On order to solve the issue and provide access for the control plane k8s cluster to tenant clusters inside their internal networks a proxy service is introduced.

Proxy service must be spawned on hosts, where Neutron Metadata agents are spawned. For LXB/OVS these are members of neutron-agent_hosts, while for OVN the service should be installed to all compute_hosts (or neutron_ovn_controller).

The service will configure own HAProxy instance and create backends for managed k8s clusters to point inside corresponding network namespaces. Service does not spawn own namespaces, but leverages already existing metadata namespaces to get connection to the Load Balancer inside the project network.

Configuration of the service is relatively trivial:

# Define a group of hosts where to install the service.
# OVN: compute_hosts / neutron_ovn_controller
# OVS/LXB: neutron_metadata_agent
magnum_capi_vexxhost_proxy_hosts: compute_hosts
# Define address and port HAProxy instance to listen on
magnum_capi_vexxhost_proxy_environment:
   PROXY_BIND: "{{ management_address }}"
   PROXY_PORT: 44355

Also, in case of proxy service deployment, ensure that variable magnum_capi_vexxhost_git_install_branch is defined for the magnum_capi_vexxhost_proxy_hosts as well, or align value of the magnum_capi_vexxhost_git_install_branch with magnum_capi_vexxhost_proxy_install_branch to avoid conflicts caused by different versions of driver used.

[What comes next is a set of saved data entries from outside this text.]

(* Let $\theta,\eta\in(0,\tfrac{\pi}{4}]$ with $\theta\le\eta$, and let the qubits $A,C_1,C_2,B$ be in the state $|\Phi_\theta\rangle_{AC_1}\otimes|\Phi_\eta\rangle_{C_2B}$. Let $\{P_k\}_{k=1}^4$, $P_k=|\varphi_k\rangle\langle\varphi_k|$, be a projective measurement on $C_1C_2\cong\mathbb{C}^2\otimes\mathbb{C}^2$ with rank-one projectors. For each outcome $k$ with probability $p_k>0$, let $|\phi_k\rangle_{AB}$ be the post-measurement pure state of $AB$, and let $P_E(\phi_k)$ be twice the smallest eigenvalue of its reduced density operator on $A$ (the optimal two-party LOCC probability of converting $|\phi_k\rangle$ into a maximally entangled state). Then $$\sum_k p_k P_E(\phi_k)=2\sin^2\theta$$ (i.e. the measurement, followed by optimal LOCC between Alice and Bob, achieves the optimal entanglement concentration rate $\min\{2\sin^2\theta,2\sin^2\eta\}=2\sin^2\theta$) if and only if $$\sum_{k=1}^4\sqrt{\big(\mathrm{tr}((T_1\otimes T_2)P_k)\big)^2+\sin^2 2\theta\,\big|\mathrm{tr}((|0\rangle\langle1|\otimes T_2)P_k)\big|^2}=\cos2\theta,$$ where $T_1=\cos^2\theta|0\rangle\langle0|-\sin^2\theta|1\rangle\langle1|$ and $T_2=\cos^2\eta|0\rangle\langle0|+\sin^2\eta|1\rangle\langle1|$, with the first tensor factor acting on $C_1$ and the second on $C_2$.
   Context: For $\lambda\in[0,\tfrac{\pi}{2}]$, $|\Phi_\lambda\rangle=\cos\lambda|00\rangle+\sin\lambda|11\rangle$. Alice holds qubit $A$, Clare holds $C_1$ (initially entangled with $A$) and $C_2$ (initially entangled with $B$), Bob holds $B$. The post-measurement state for outcome $k$ is $|\phi_k\rangle_{AB}=p_k^{-1/2}(\langle\varphi_k|_{C_1C_2}\otimes I_{AB})|\Phi_\theta\rangle_{AC_1}|\Phi_\eta\rangle_{C_2B}$ with $p_k$ the squared norm of the unnormalized vector. *)

(* real numbers with sin/cos/sqrt; complex numbers are
   represented concretely as pairs of reals. Qubit indices are bool
   (false = |0>, true = |1>). *)
From Stdlib Require Import Reals.
Open Scope R_scope.

Record C := mkC { Cre : R ; Cim : R }.
Definition RtoC (x : R) : C := mkC x 0.
Definition C0 : C := RtoC 0.
Definition C1 : C := RtoC 1.
Definition Cadd (z w : C) : C := mkC (Cre z + Cre w) (Cim z + Cim w).
Definition Cmul (z w : C) : C :=
  mkC (Cre z * Cre w - Cim z * Cim w) (Cre z * Cim w + Cim z * Cre w).
Definition Cconj (z : C) : C := mkC (Cre z) (- Cim z).
Definition Cscale (r : R) (z : C) : C := mkC (r * Cre z) (r * Cim z).
Definition Cnorm2 (z : C) : R := Cre z * Cre z + Cim z * Cim z.

Definition sumbC (f : bool -> C) : C := Cadd (f false) (f true).
Definition sumbR (f : bool -> R) : R := f false + f true.

(* vectors in C^2 (x) C^2, indexed by (c1, c2) *)
Definition Vec4 := bool -> bool -> C.
Definition Mat2 := bool -> bool -> C.
Definition Mat4 := (bool * bool) -> (bool * bool) -> C.

Definition kron (X Y : Mat2) : Mat4 :=
  fun i j => Cmul (X (fst i) (fst j)) (Y (snd i) (snd j)).

Definition proj (v : Vec4) : Mat4 :=
  fun i j => Cmul (v (fst i) (snd i)) (Cconj (v (fst j) (snd j))).

Definition sum4 (f : bool * bool -> C) : C :=
  sumbC (fun a => sumbC (fun b => f (a, b))).

Definition mmul4 (X Y : Mat4) : Mat4 :=
  fun i j => sum4 (fun l => Cmul (X i l) (Y l j)).

Definition trace4 (X : Mat4) : C := sum4 (fun i => X i i).

Definition inner4 (v w : Vec4) : C :=
  sumbC (fun a => sumbC (fun b => Cmul (Cconj (v a b)) (w a b))).

(* {phi k}_{k=0..3} is an orthonormal basis of C^2 (x) C^2, i.e. the
   projectors P_k = |phi k><phi k| form a projective measurement with
   rank-one projectors (four orthonormal vectors in C^4 automatically
   resolve the identity). Outcomes are indexed 0..3 (paper: 1..4). *)
Definition orthonormal4 (phi : nat -> Vec4) : Prop :=
  forall k l : nat, (k < 4)%nat -> (l < 4)%nat ->
    inner4 (phi k) (phi l) = if Nat.eqb k l then C1 else C0.

Definition Phi (lam : R) (x y : bool) : C :=
  if Bool.eqb x y then RtoC (if x then sin lam else cos lam) else C0.

(* unnormalized post-measurement vector on AB for outcome phi_k:
   (<phi_k|_{C1C2} (x) I_{AB}) |Phi_theta>_{AC1} |Phi_eta>_{C2B} *)
Definition post_unnorm (theta eta : R) (v : Vec4) (a b : bool) : C :=
  sumbC (fun c1 => sumbC (fun c2 =>
    Cmul (Cconj (v c1 c2)) (Cmul (Phi theta a c1) (Phi eta c2 b)))).

Definition prob (theta eta : R) (v : Vec4) : R :=
  sumbR (fun a => sumbR (fun b => Cnorm2 (post_unnorm theta eta v a b))).

Definition post_state (theta eta : R) (v : Vec4) (a b : bool) : C :=
  Cscale (/ sqrt (prob theta eta v)) (post_unnorm theta eta v a b).

Definition rhoA (psi : bool -> bool -> C) : Mat2 :=
  fun a a' => sumbC (fun b => Cmul (psi a b) (Cconj (psi a' b))).

(* eigenvalues of a 2x2 matrix X are the roots of its characteristic
   polynomial t^2 - tr(X) t + det(X); for Hermitian X these are real and
   the smallest one is (tr - sqrt(tr^2 - 4 det))/2. *)
Definition trace2 (X : Mat2) : C := Cadd (X false false) (X true true).
Definition det2 (X : Mat2) : C :=
  Cadd (Cmul (X false false) (X true true))
       (Cscale (-1) (Cmul (X false true) (X true false))).
Definition lambda_min2 (X : Mat2) : R :=
  (Cre (trace2 X) - sqrt (Cre (trace2 X) ^ 2 - 4 * Cre (det2 X))) / 2.

Definition P_E (psi : bool -> bool -> C) : R := 2 * lambda_min2 (rhoA psi).

Definition avg_PE (theta eta : R) (phi : nat -> Vec4) : R :=
  sum_f_R0 (fun k =>
    let p := prob theta eta (phi k) in
    if Rlt_dec 0 p then p * P_E (post_state theta eta (phi k)) else 0) 3.

Definition diag2 (x y : R) : Mat2 :=
  fun i j => if Bool.eqb i j then RtoC (if i then y else x) else C0.
Definition T1 (theta : R) : Mat2 := diag2 (cos theta ^ 2) (- sin theta ^ 2).
Definition T2 (eta : R) : Mat2 := diag2 (cos eta ^ 2) (sin eta ^ 2).
Definition ket0bra1 : Mat2 :=
  fun i j => if (negb i && j)%bool then C1 else C0.

Definition criterion_sum (theta eta : R) (phi : nat -> Vec4) : R :=
  sum_f_R0 (fun k =>
    sqrt (Cre (trace4 (mmul4 (kron (T1 theta) (T2 eta)) (proj (phi k)))) ^ 2
          + sin (2 * theta) ^ 2
            * Cnorm2 (trace4 (mmul4 (kron ket0bra1 (T2 eta)) (proj (phi k))))))
    3.

From Pilot Require Import Defs.
From Stdlib Require Import Reals Lra.
From mathcomp Require Import all_boot all_algebra complex Rstruct.
Import GRing.Theory.

(* For a pure state psi on AB with reduced state rho_A = rhoA psi and
   p = tr rho_A, the normalized state has smallest reduced eigenvalue
   (p - sqrt D) / (2 p), with D = (tr rho_A)^2 - 4 det rho_A.  Hence
   p_k P_E(phi_k) = p_k - sqrt D_k, and a direct computation shows that the
   k-th summand of the criterion is exactly sqrt D_k for the unnormalized
   post-measurement vector.  Since the P_k resolve the identity, the p_k sum
   to 1, so the average of P_E is 1 - criterion_sum for every theta, eta, and
   the equivalence follows from cos 2 theta = 1 - 2 sin^2 theta. *)

Open Scope R_scope.

Lemma Cnorm2_ge0 (z : Defs.C) : 0 <= Cnorm2 z.
Proof. exact: Rplus_le_le_0_compat (Rle_0_sqr _) (Rle_0_sqr _). Qed.

Definition rhoA_disc (psi : bool -> bool -> Defs.C) : R :=
  Cre (trace2 (rhoA psi)) ^ 2 - 4 * Cre (det2 (rhoA psi)).

Lemma rhoA_disc_ge0 (psi : bool -> bool -> Defs.C) : 0 <= rhoA_disc psi.
Proof.
have -> : rhoA_disc psi =
    (Cre (rhoA psi false false) - Cre (rhoA psi true true)) ^ 2
    + 4 * Cnorm2 (rhoA psi false true).
  by rewrite /rhoA_disc /trace2 /det2 /rhoA /sumbC /Cnorm2 /=; ring.
apply: Rplus_le_le_0_compat; first exact: pow2_ge_0.
by apply: Rmult_le_pos; [lra | exact: Cnorm2_ge0].
Qed.

Lemma det2_rhoA_ge0 (psi : bool -> bool -> Defs.C) : 0 <= Cre (det2 (rhoA psi)).
Proof.
have -> : Cre (det2 (rhoA psi)) =
    Cnorm2 (Cadd (Cmul (psi false false) (psi true true))
                 (Cscale (-1) (Cmul (psi false true) (psi true false)))).
  by rewrite /det2 /rhoA /sumbC /Cnorm2 /=; ring.
exact: Cnorm2_ge0.
Qed.

Lemma trace2_rhoA_scale (s : R) (psi : bool -> bool -> Defs.C) :
  Cre (trace2 (rhoA (fun a b => Cscale s (psi a b)))) = s ^ 2 * Cre (trace2 (rhoA psi)).
Proof. rewrite /trace2 /rhoA /sumbC /=; ring. Qed.

Lemma det2_rhoA_scale (s : R) (psi : bool -> bool -> Defs.C) :
  Cre (det2 (rhoA (fun a b => Cscale s (psi a b)))) = s ^ 4 * Cre (det2 (rhoA psi)).
Proof. rewrite /det2 /rhoA /sumbC /=; ring. Qed.

Lemma P_E_normalized (psi : bool -> bool -> Defs.C) :
  let p := Cre (trace2 (rhoA psi)) in
  0 < p -> p * P_E (fun a b => Cscale (/ sqrt p) (psi a b)) = p - sqrt (rhoA_disc psi).
Proof.
move=> p p_gt0.
have sq : (/ sqrt p) ^ 2 = / p by rewrite pow_inv -Rsqr_pow2 Rsqr_sqrt; lra.
rewrite /P_E /lambda_min2 trace2_rhoA_scale det2_rhoA_scale -/p.
have -> : (/ sqrt p) ^ 4 = (/ p) ^ 2 by rewrite -sq; ring.
rewrite sq.
have -> : (/ p * p) ^ 2 - 4 * ((/ p) ^ 2 * Cre (det2 (rhoA psi)))
        = (/ p) ^ 2 * rhoA_disc psi by rewrite /rhoA_disc -/p; field; lra.
rewrite sqrt_mult_alt; last exact: pow2_ge_0.
rewrite sqrt_pow2; last exact/Rlt_le/Rinv_0_lt_compat.
by field; lra.
Qed.

Lemma prob_eq_trace2_rhoA theta eta v :
  prob theta eta v = Cre (trace2 (rhoA (post_unnorm theta eta v))).
Proof. rewrite /prob /trace2 /rhoA /sumbR /sumbC /Cnorm2 /=; ring. Qed.

Lemma prob_ge0 theta eta v : 0 <= prob theta eta v.
Proof. by do 2 apply: Rplus_le_le_0_compat; exact: Cnorm2_ge0. Qed.

Lemma avg_PE_eq_sum theta eta (phi : nat -> Vec4) :
  avg_PE theta eta phi = sum_f_R0 (fun k =>
    prob theta eta (phi k) - sqrt (rhoA_disc (post_unnorm theta eta (phi k)))) 3.
Proof.
rewrite /avg_PE; apply: PartSum.sum_eq => k _ /=.
rewrite /post_state prob_eq_trace2_rhoA.
case: Rlt_dec => [p_gt0 | p_le0]; first exact: P_E_normalized.
have p0 : Cre (trace2 (rhoA (post_unnorm theta eta (phi k)))) = 0.
  by have := prob_ge0 theta eta (phi k); rewrite prob_eq_trace2_rhoA; lra.
have disc0 : rhoA_disc (post_unnorm theta eta (phi k)) = 0.
  have := rhoA_disc_ge0 (post_unnorm theta eta (phi k)).
  have := det2_rhoA_ge0 (post_unnorm theta eta (phi k)).
  rewrite /rhoA_disc p0; lra.
by rewrite p0 disc0 sqrt_0; lra.
Qed.

Lemma criterion_summand_eq_disc theta eta v :
  Cre (trace4 (mmul4 (kron (T1 theta) (T2 eta)) (proj v))) ^ 2
  + sin (2 * theta) ^ 2 * Cnorm2 (trace4 (mmul4 (kron ket0bra1 (T2 eta)) (proj v)))
  = rhoA_disc (post_unnorm theta eta v).
Proof.
rewrite sin_2a /rhoA_disc /trace4 /mmul4 /kron /T1 /T2 /ket0bra1 /proj /diag2
  /sum4 /sumbC /trace2 /det2 /rhoA /post_unnorm /Phi /Cnorm2 /=.
ring.
Qed.

Lemma criterion_sum_eq_sum theta eta (phi : nat -> Vec4) :
  criterion_sum theta eta phi
  = sum_f_R0 (fun k => sqrt (rhoA_disc (post_unnorm theta eta (phi k)))) 3.
Proof. by apply: PartSum.sum_eq => k _; rewrite criterion_summand_eq_disc. Qed.

Lemma prob_expand theta eta v : prob theta eta v =
  cos theta ^ 2 * cos eta ^ 2 * Cnorm2 (v false false)
  + cos theta ^ 2 * sin eta ^ 2 * Cnorm2 (v false true)
  + sin theta ^ 2 * cos eta ^ 2 * Cnorm2 (v true false)
  + sin theta ^ 2 * sin eta ^ 2 * Cnorm2 (v true true).
Proof. rewrite /prob /sumbR /post_unnorm /sumbC /Phi /Cnorm2 /=; ring. Qed.

Lemma sum_prob_eq1 theta eta (phi : nat -> Vec4) :
  (forall a b, sum_f_R0 (fun k => Cnorm2 (phi k a b)) 3 = 1) ->
  sum_f_R0 (fun k => prob theta eta (phi k)) 3 = 1.
Proof.
move=> col.
have pt : cos theta ^ 2 + sin theta ^ 2 = 1 by rewrite -!Rsqr_pow2 Rplus_comm sin2_cos2.
have pe : cos eta ^ 2 + sin eta ^ 2 = 1 by rewrite -!Rsqr_pow2 Rplus_comm sin2_cos2.
pose S a b := sum_f_R0 (fun k => Cnorm2 (phi k a b)) 3.
transitivity (cos theta ^ 2 * cos eta ^ 2 * S false false
  + cos theta ^ 2 * sin eta ^ 2 * S false true
  + sin theta ^ 2 * cos eta ^ 2 * S true false
  + sin theta ^ 2 * sin eta ^ 2 * S true true).
  by rewrite /S /= !prob_expand; ring.
rewrite /S !col; transitivity ((cos theta ^ 2 + sin theta ^ 2) * (cos eta ^ 2 + sin eta ^ 2)).
  by ring.
by rewrite pt pe Rmult_1_r.
Qed.

Section ColumnNorms.
Local Open Scope ring_scope.

Lemma unitary_column_norm (n : nat) (M : 'M[R[i]]_n) (j : 'I_n) :
  M *m \matrix_(k, l) (M l k)^* = 1%:M -> \sum_k (M k j)^* * M k j = 1.
Proof.
move=> /mulmx1C /matrixP /(_ j j); rewrite !mxE eqxx mulr1n => <-.
by apply: eq_bigr => k _; rewrite mxE.
Qed.

Definition toC (z : Defs.C) : R[i] := Complex (Cre z) (Cim z).

Lemma toC_add z w : toC (Cadd z w) = toC z + toC w.
Proof. by case: z; case: w. Qed.

Lemma toC_mul z w : toC (Cmul z w) = toC z * toC w.
Proof. by case: z; case: w. Qed.

Lemma toC_conj z : toC (Cconj z) = (toC z)^*.
Proof. by case: z. Qed.

Definition qubit_pair (i : 'I_4) : bool * bool := ((2 <= i)%N, odd i).

Definition basis_mx (phi : nat -> Vec4) : 'M[R[i]]_4 :=
  \matrix_(k, i) toC (phi k (qubit_pair i).1 (qubit_pair i).2).

Lemma basis_mx_unitary (phi : nat -> Vec4) : orthonormal4 phi ->
  basis_mx phi *m \matrix_(k, l) (basis_mx phi l k)^* = 1%:M.
Proof.
move=> on; apply/matrixP => k l; rewrite !mxE.
have -> : \sum_i basis_mx phi k i * (\matrix_(k, l) (basis_mx phi l k)^*) i l
          = toC (inner4 (phi l) (phi k)).
  rewrite /inner4 /sumbC !toC_add !toC_mul !toC_conj.
  rewrite !big_ord_recl big_ord0 !mxE addr0 !addrA /=.
  by congr (_ + _ + _ + _); apply: mulrC.
rewrite on; try exact/ltP.
case: (eqVneq k l) => [-> | neq]; first by rewrite PeanoNat.Nat.eqb_refl.
have /PeanoNat.Nat.eqb_neq -> : nat_of_ord l <> nat_of_ord k.
  by move=> /val_inj eq_lk; rewrite eq_lk eqxx in neq.
by [].
Qed.

Lemma basis_mx_column_norm (phi : nat -> Vec4) (j : 'I_4) : orthonormal4 phi ->
  (sum_f_R0 (fun k => Cnorm2 (phi k (qubit_pair j).1 (qubit_pair j).2)) 3 = 1)%R.
Proof.
move=> /basis_mx_unitary /(unitary_column_norm _ _ j) /(congr1 (@Re _)).
rewrite !big_ord_recl big_ord0 !mxE /= => <-.
by rewrite /Cnorm2 /bump /= !addn0 !add1n addr0 -!RminusE -!RplusE -!RmultE -!RoppE; ring.
Qed.

Lemma orthonormal4_sum_Cnorm2 (phi : nat -> Vec4) : orthonormal4 phi ->
  forall a b, (sum_f_R0 (fun k => Cnorm2 (phi k a b)) 3 = 1)%R.
Proof.
move=> on a b; have lt4 : (2 * a + b < 4)%N by case: a; case: b.
by move: (basis_mx_column_norm phi (Ordinal lt4) on); case: a b lt4 => [] [].
Qed.
End ColumnNorms.

Lemma avg_PE_eq_1_sub_criterion_sum theta eta (phi : nat -> Vec4) :
  orthonormal4 phi -> avg_PE theta eta phi = 1 - criterion_sum theta eta phi.
Proof.
move=> on; rewrite avg_PE_eq_sum criterion_sum_eq_sum minus_sum.
by rewrite (sum_prob_eq1 _ _ _ (orthonormal4_sum_Cnorm2 phi on)).
Qed.

Theorem theorem2 (theta eta : R) (phi : nat -> Vec4) :
  0 < theta -> theta <= eta -> eta <= PI / 4 ->
  orthonormal4 phi ->
  (avg_PE theta eta phi = 2 * sin theta ^ 2 <->
   criterion_sum theta eta phi = cos (2 * theta)).
Proof.
move=> _ _ _ on; rewrite avg_PE_eq_1_sub_criterion_sum // cos_2a_sin; lra.
Qed.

Once configuration is complete, you can run the playbook:

openstack-ansible openstack.osa.magnum_capi_proxy

Troubleshooting

Local testing

An OpenStack-Ansible All-in-One configured with Magnum and Octavia is capable of running a functioning magnum-cluster-api deployment.

Sufficient memory should be available beyond the minimum 8G usually required for an All-in-One. A multi-node workload cluster may require nova to boot several Ubuntu images in addition to an Octavia load balancer instance. 64G would be an appropriate amount of system RAM.

There also must be sufficient disk space in /var/lib/nova/instances to support the required number of instances - the normal minimum of 60G required for an All-in-One deployment will be insufficient, 500G would be plenty.